Screen Shot 2016-01-14 at 11.40.56 AM

By The Daily Freier Staff

Last Updated 9/6/2015 at 10:00 PM

Tel Aviv, Bograshov: Tel Aviv University graduate students Melissa P. and Kate D. have adopted “The Right of Return” in their ongoing dispute with a bracelet bar on Bograshov near Ben Yehuda.  The women’s ordeal began earlier this evening around 8:30 PM local time when they arrived at the establishment, purchasing the ’79 Shekel Red Bracelets’, allowing an unlimited amount of house wine, draft beer, and mixed drinks.  After spending several hours at the establishment getting, as one bystander noted, “hella wasted”, the ladies departed the bar.   It is at this point that the narratives of the protagonists in this ordeal diverge, with bar hostess Anat L. claiming that the ladies voluntarily left their seats and set out toward Dizengoff Street, while Melissa and Kate insisting that they were forcibly evicted from their land seats and cast out of the bar “for like no reason”. The Daily Freier spoke with Anat for her perspective on this ongoing tragedy.

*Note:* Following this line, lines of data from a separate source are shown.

(* Every finite set $A\subseteq F^2$ can be written as a disjoint union $$A = A_* \sqcup A_1'\sqcup\cdots\sqcup A_N'$$ with $N\le \log_2(|A|+1)+1$, where $A_*$ is irregular and each $A_i'$ is $k_i$-regular (with constant $C_0=2$) for some integer $k_i\ge1$.
   Context: $F$ is a finite field of odd characteristic in which $-1$ is not a square. A line in $F^2$ is a set $\{p+tv:t\in F\}$ with $p,v\in F^2$, $v\ne0$. Given a constant $C_0\ge1$ and an integer $k\ge1$, a set $A\subseteq F^2$ is $k$-regular (with constant $C_0$) if $k\le C_0|A|^{1/2}$ and there exist a set $L$ of lines (the frame of $A$) with $k/C_0\le|L|\le C_0k$ and a partition $A=\bigsqcup_{\ell\in L}A_\ell$ with $A_\ell\subseteq\ell$ and $|A|/(C_0k)\le|A_\ell|\le C_0|A|/k$ for every $\ell\in L$. A set $A\subseteq F^2$ is irregular if $|\ell\cap A|\le|A|^{1/2}$ for every line $\ell$. *)

From mathcomp Require Import all_boot all_order all_algebra.
From Stdlib Require Import Reals.

Set Implicit Arguments.
Unset Strict Implicit.
Unset Printing Implicit Defensive.

Import GRing.Theory.

Section Geometry.
Variable F : finFieldType.

Local Open Scope ring_scope.

Definition line_through (p v : F * F) : {set F * F} :=
  [set (p.1 + t * v.1, p.2 + t * v.2) | t : F].

Definition is_line (l : {set F * F}) : Prop :=
  exists p v : F * F, v != (0, 0) /\ l = line_through p v.

End Geometry.

Section Regularity.
Variable F : finFieldType.

(* A is k-regular with constant C0 (C0 >= 1 is assumed by the paper; here it
   is a parameter, instantiated with 2 in the main statement). *)
Definition k_regular (C0 : R) (k : nat) (A : {set F * F}) : Prop :=
  Rle (INR k) (Rmult C0 (sqrt (INR #|A|))) /\
  exists (L : {set {set F * F}}) (Apart : {set F * F} -> {set F * F}),
    (forall l, l \in L -> is_line l) /\
    Rle (Rdiv (INR k) C0) (INR #|L|) /\ Rle (INR #|L|) (Rmult C0 (INR k)) /\
    A = \bigcup_(l in L) Apart l /\
    (forall l1 l2, l1 \in L -> l2 \in L -> l1 != l2 ->
        [disjoint Apart l1 & Apart l2]) /\
    (forall l, l \in L ->
        Apart l \subset l /\
        Rle (Rdiv (INR #|A|) (Rmult C0 (INR k))) (INR #|Apart l|) /\
        Rle (INR #|Apart l|) (Rdiv (Rmult C0 (INR #|A|)) (INR k))).

Definition irregular (A : {set F * F}) : Prop :=
  forall l : {set F * F}, is_line l ->
    Rle (INR #|l :&: A|) (sqrt (INR #|A|)).

End Regularity.

From mathcomp Require Import all_boot all_algebra zify.
From Stdlib Require Import Reals Lra Classical.
(* Importing Reals rebinds [m ^ n] on nat to [Nat.pow]; restore [expn]. *)
From mathcomp Require Import ssrnat.

Set Implicit Arguments.
Unset Strict Implicit.
Unset Printing Implicit Defensive.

Those two were out of control, but I guess the manager likes them.  Anyway, I told them that after 10 PM there is a noise ordinance, and if they want to stay outside they need to keep it down.  Well that led to an eye roll or two.  I had to go back to talk with them two more times.  On the last trip over there, Kate just said “F– this, we’re out, and they stormed off….. Of course they came back like 30 minutes later because, and I quote, “the other place sucked”. But by that time newcomers had settled at their table.  And to just  let them back in would totally disrupt the current demographics of the bar……Welcome to Israel.”

The Daily Freier was also able to speak with Melissa and Kate for their side of the story. Melissa shared her perspective; “Whatever the hostess told you is total crap.  She hates us. She basically ran us off, and then turned around and said that we left on our own accord.  I mean yeah we left, but only because we knew that our friend Ran’s shift starts at 11 and that  if we came back he would take care of us at the bar.  But when we came back, our chairs were occupied.  The whole thing was a disaster……wait, I should know this…..how do you say ‘disaster’ in Arabic???” 

Kate was equally adamant that an injustice had occurred; “We bought these bracelets, and they’re good all night.  Our right of return is inalienable and cannot simply be negotiated away.”  When the Daily Freier asked Kate what kind of repercussions might occur if their wishes were not respected, she noted “If they think they can just get away with this shit, I will boycott them forever……or at least until next Wednesday.  That’s old school hip-hop night.”